PROVIDED MATERIAL:
(* Let $(X,E,\ell)$ be a weighted tree with similarity matrix $Z=(e^{-d(x,y)})_{x,y\in X}$. Then $Z$ is invertible and for $x,y\in X$ with $x\neq y$: $$Z^{-1}(x,x)=1+\sum_{e\ni x}\frac{e^{-2\ell(e)}}{1-e^{-2\ell(e)}},$$ $Z^{-1}(x,y)=0$ if $x$ and $y$ are not adjacent, and if $e=\{x,y\}\in E$, $$Z^{-1}(x,y)=-\frac{e^{-\ell(e)}}{1-e^{-2\ell(e)}}.$$
   Context: A weighted tree is a triple $(X,E,\ell)$ where $(X,E)$ is a finite simple undirected graph that is a tree, and $\ell\colon E\to(0,\infty)$ assigns lengths to edges. Its vertex set $X$ is a metric space with $d(x,y)$ the total length of the unique simple path from $x$ to $y$. The sum $\sum_{e\ni x}$ is over edges containing $x$. *)

From HB Require Import structures.
From mathcomp Require Import all_boot all_order all_algebra.
From mathcomp Require Import reals.
From mathcomp Require Import sequences.
From mathcomp.analysis Require Import exp.
Set Implicit Arguments. Unset Strict Implicit. Unset Printing Implicit Defensive.
Import Order.TTheory GRing.Theory Num.Theory.
Local Open Scope ring_scope.

Definition simple_graph (T : finType) (adj : rel T) : Prop :=
  symmetric adj /\ irreflexive adj.

Definition upath (T : finType) (adj : rel T) (x : T) (p : seq T) (y : T) : bool :=
  [&& path adj x p, uniq (x :: p) & last x p == y].

(* A cycle: at least 3 distinct vertices x :: p, consecutive ones adjacent,
   and the last adjacent to x. *)
Definition has_cycle (T : finType) (adj : rel T) : Prop :=
  exists (x : T) (p : seq T),
    [&& (2 <= size p)%N, path adj x p, uniq (x :: p) & adj (last x p) x].

Definition connected_graph (T : finType) (adj : rel T) : Prop :=
  forall x y : T, exists p, upath adj x p y.

Definition is_tree (T : finType) (adj : rel T) : Prop :=
  [/\ simple_graph adj, connected_graph adj & ~ has_cycle adj].

Fixpoint path_len (T : Type) (R : nmodType) (len : T -> T -> R) (x : T)
    (p : seq T) : R :=
  match p with
  | [::] => 0
  | y :: p' => len x y + path_len len y p'
  end.

From HB Require Import structures.
From mathcomp Require Import all_boot all_order all_algebra.
From mathcomp Require Import reals.
From mathcomp Require Import sequences.
From mathcomp.analysis Require Import exp.
From mathcomp Require Import ring lra.
Set Implicit Arguments.
Unset Strict Implicit.
Unset Printing Implicit Defensive.
Import Order.TTheory GRing.Theory Num.Theory.
Local Open Scope ring_scope.

(* Write q_e = exp(-l(e)) and let M be the claimed inverse.  In a tree, seen
   from a vertex x, every vertex z other than x has exactly one neighbour w
   (its parent) closer to x, with d(x,z) = d(x,w) + l(w,z); every other
   neighbour y of z satisfies d(x,y) = d(x,z) + l(z,y).  Hence in the entry
   (Z M)(x,z) each child y contributes e^{-d(x,z)} (q^2 - q q)/(1 - q^2) = 0,
   while the diagonal term and the parent contribute
   e^{-d(x,z)} + e^{-d(x,w)} (q^3 - q)/(1 - q^2) = 0 (or 1 when z = x, which
   has no parent).  So Z M = 1. *)

Lemma path_len_rcons (T : Type) (R : nmodType) (len : T -> T -> R) x p y :
  path_len len x (rcons p y) = path_len len x p + len (last x p) y.
Proof.
by elim: p x => [|a p IHp] x /=; rewrite ?addr0 ?add0r // IHp addrA.
Qed.

Section SimplePaths.

Variables (T : finType) (adj : rel T).

Lemma upath_rcons x p z y :
  upath adj x p z -> adj z y -> y \notin x :: p -> upath adj x (rcons p y) y.
Proof.
case/and3P=> pxp uxp /eqP lxp zy yNp.
rewrite /upath rcons_path pxp lxp zy last_rcons eqxx andbT.
by rewrite -rcons_cons rcons_uniq yNp uxp.
Qed.

Lemma upath_belast x p y :
  upath adj x (rcons p y) y -> upath adj x p (last x p).
Proof.
case/and3P=> + + _; rewrite rcons_path -rcons_cons rcons_uniq.
by case/andP=> pxp _ /andP[_ uxp]; rewrite /upath pxp uxp eqxx.
Qed.

(* Otherwise the part of the path from y to z, closed by the edge zy, would
   be a cycle. *)
Lemma acyclic_upath_notin x p z y :
  ~ has_cycle adj -> upath adj x (rcons p z) z -> adj z y ->
  y != last x p -> y \notin x :: p.
Proof.
move=> acyc /and3P[+ up _] zy yNw; rewrite rcons_path => /andP[pxp wz].
apply/negP=> yp; move: pxp up wz yNw; case/splitPl: yp => q1 q2 lq1.
rewrite cat_path last_cat lq1 => /andP[_ pyq2] up wz yNw.
apply: acyc; exists y, (rcons q2 z).
rewrite size_rcons rcons_path pyq2 wz last_rcons zy /= andbT.
move: up; rewrite rcons_cat -cat_cons cat_uniq => /and3P[_ disj ->].
rewrite andbT; apply/andP; split.
  by case: q2 pyq2 wz yNw {disj} => [|a q2] //= _ _; rewrite eqxx.
apply: contraL disj => yq2; apply/negPn/hasP.
by exists y; rewrite //= -lq1 mem_last.
Qed.

End SimplePaths.

Section TreeDistance.

Variables (R : realType) (T : finType) (adj : rel T).
Variables (len : T -> T -> R) (d : T -> T -> R).
Hypothesis d_upath :
  forall {x y p}, upath adj x p y -> d x y = path_len len x p.

Lemma dist_upath_rcons x p y :
  upath adj x (rcons p y) y -> d x y = d x (last x p) + len (last x p) y.
Proof.
move=> xpy; rewrite (d_upath xpy) path_len_rcons.
by rewrite (d_upath (upath_belast xpy)).
Qed.

Lemma dist_refl x : d x x = 0.
Proof. by rewrite (d_upath (p := [::])) //= /upath /= eqxx. Qed.

Lemma dist_adj x y : irreflexive adj -> adj x y -> d x y = len x y.
Proof.
move=> adjI xy; have xNy : x != y by apply: contraTneq xy => ->; rewrite adjI.
rewrite (dist_upath_rcons (p := [::])) /= ?dist_refl ?add0r //.
by rewrite /upath /= xy !inE xNy eqxx.
Qed.

Lemma tree_dist_parent x z : is_tree adj -> x != z ->
  exists2 w, adj z w &
    d x z = d x w + len w z /\
    forall y, adj z y -> y != w -> d x y = d x z + len z y.
Proof.
move=> [[adjS adjI] conn acyc] xNz.
have [p xpz] := conn x z; case/lastP: p xpz => [|p w'] xpz.
  by move: xpz xNz => /and3P[_ _ /= /eqP->]; rewrite eqxx.
have w'z : w' = z by case/and3P: xpz => _ _; rewrite last_rcons => /eqP.
subst w'.
exists (last x p).
  by case/and3P: xpz => + _ _; rewrite rcons_path adjS => /andP[].
split=> [|y zy yNw]; first exact: dist_upath_rcons.
have yNz : y != z by apply: contraTneq zy => ->; rewrite adjI.
have yNp : y \notin x :: rcons p z.
  rewrite -rcons_cons mem_rcons inE negb_or yNz.
  exact: acyclic_upath_notin acyc xpz zy yNw.
by rewrite (dist_upath_rcons (upath_rcons xpz zy yNp)) last_rcons.
Qed.

End TreeDistance.

Section TreeSimilarityInverse.

Variable R : realType.

Definition diag_weight (l : R) := expR (-2 * l) / (1 - expR (-2 * l)).

Definition edge_weight (l : R) := expR (- l) / (1 - expR (-2 * l)).

Lemma expR_m2 (l : R) : expR (-2 * l) = expR (- l) ^+ 2.
Proof. by rewrite expr2 -expRD; congr expR; lra. Qed.

Lemma diag_weightE l : diag_weight l = expR (- l) * edge_weight l.
Proof. by rewrite /diag_weight /edge_weight expR_m2 mulrA. Qed.

Lemma expRN_diag_weightB l :
  0 < l -> expR (- l) * diag_weight l - edge_weight l = - expR (- l).
Proof.
move=> l_gt0; rewrite /diag_weight /edge_weight expR_m2.
have q_lt1 : expR (- l) < 1 by rewrite expR_lt1 oppr_lt0.
have q_gt0 := expR_gt0 (- l).
have : 1 - expR (- l) ^+ 2 != 0 by rewrite subr_eq0 eq_sym; apply/eqP; nra.
by move: (expR (- l)) => q q2N1; field.
Qed.

Variables (n : nat) (adj : rel 'I_n) (len : 'I_n -> 'I_n -> R).

Definition sim_mx (d : 'I_n -> 'I_n -> R) : 'M[R]_n :=
  \matrix_(i, j) expR (- d i j).

Definition tree_inv_mx : 'M[R]_n :=
  \matrix_(i, j) if i == j then 1 + \sum_(y | adj i y) diag_weight (len i y)
                 else if adj i j then - edge_weight (len i j) else 0.

Hypotheses (adjS : symmetric adj) (adjI : irreflexive adj).
Hypothesis lenS : forall x y, len x y = len y x.

Lemma mulmx_tree_inv (A : 'M[R]_n) x z :
  (A *m tree_inv_mx) x z =
  A x z + \sum_(y | adj z y)
            (A x z * diag_weight (len z y) - A x y * edge_weight (len z y)).
Proof.
rewrite !mxE (bigD1 z) //= !mxE eqxx mulrDr mulr1 big_distrr /= -addrA.
rewrite big_split /=; congr (_ + (_ + _)).
rewrite big_mkcond [RHS]big_mkcond; apply: eq_bigr => y _.
case: eqVneq => [->|yNz] /=; first by rewrite adjI.
rewrite !mxE (negbTE yNz) adjS lenS.
by case: (adj z y); rewrite ?mulrN ?mulr0 ?oppr0.
Qed.

Variable d : 'I_n -> 'I_n -> R.
Hypothesis len_gt0 : forall x y, adj x y -> 0 < len x y.
Hypothesis d_upath : forall x y p, upath adj x p y -> d x y = path_len len x p.

Lemma mul_sim_tree_inv_diag x : (sim_mx d *m tree_inv_mx) x x = 1.
Proof.
rewrite mulmx_tree_inv big1 ?addr0 => [|y xy]; rewrite !mxE (dist_refl d_upath).
  by rewrite oppr0 expR0.
by rewrite (dist_adj d_upath) // diag_weightE oppr0 expR0 mul1r subrr.
Qed.

Lemma mul_sim_tree_inv_offdiag x z :
  is_tree adj -> x != z -> (sim_mx d *m tree_inv_mx) x z = 0.
Proof.
move=> tree xNz; rewrite mulmx_tree_inv.
have [w zw [dz dy]] := tree_dist_parent d_upath tree xNz.
rewrite (bigD1 w) // big1 /= => [|y /andP[zy yNw]].
  rewrite !mxE addr0 dz -lenS opprD expRD -mulrA.
  by rewrite -mulrBr expRN_diag_weightB ?len_gt0 // mulrN mulrC addrN.
by rewrite !mxE (dy y zy yNw) opprD expRD diag_weightE mulrA subrr.
Qed.

Lemma mul_sim_tree_inv : is_tree adj -> sim_mx d *m tree_inv_mx = 1%:M.
Proof.
move=> tree; apply/matrixP=> x z; rewrite [RHS]mxE.
case: eqVneq => [<-|xNz]; first exact: mul_sim_tree_inv_diag.
exact: mul_sim_tree_inv_offdiag.
Qed.

End TreeSimilarityInverse.

Theorem proposition4p1 (R : realType) (n : nat) (adj : rel 'I_n)
    (len : 'I_n -> 'I_n -> R) (d : 'I_n -> 'I_n -> R) :
  is_tree adj ->
  (forall x y, len x y = len y x) ->
  (forall x y, adj x y -> 0 < len x y) ->
  (forall x y p, upath adj x p y -> d x y = path_len len x p) ->
  let Z := \matrix_(i, j) expR (- d i j) in
  Z \in unitmx /\
  (forall x, invmx Z x x =
     1 + \sum_(y | adj x y)
           expR (-2 * len x y) / (1 - expR (-2 * len x y))) /\
  (forall x y, x != y -> ~~ adj x y -> invmx Z x y = 0) /\
  (forall x y, adj x y ->
     invmx Z x y = - (expR (- len x y) / (1 - expR (-2 * len x y)))).
Proof.
move=> tree lenS len_gt0 d_upath Z.
have [[adjS adjI] _ _] := tree.
have ZM : Z *m tree_inv_mx adj len = 1%:M by exact: mul_sim_tree_inv.
have [Zu _] := mulmx1_unit ZM.
have -> : invmx Z = tree_inv_mx adj len by rewrite -[RHS](mulKmx Zu) ZM mulmx1.
split=> //; split=> [x|]; first by rewrite mxE eqxx.
split=> [x y xNy xNadjy|x y xy].
  by rewrite mxE (negbTE xNy) (negbTE xNadjy).
have xNy : x != y by apply: contraTneq xy => ->; rewrite adjI.
by rewrite mxE (negbTE xNy) xy.
Qed.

HOW TO COMPLETE THIS TASK: Match on "Implicit" and report each line of the data above that has it.

RESPONSE:
Set Implicit Arguments. Unset Strict Implicit. Unset Printing Implicit Defensive.
Set Implicit Arguments.
Unset Strict Implicit.
Unset Printing Implicit Defensive.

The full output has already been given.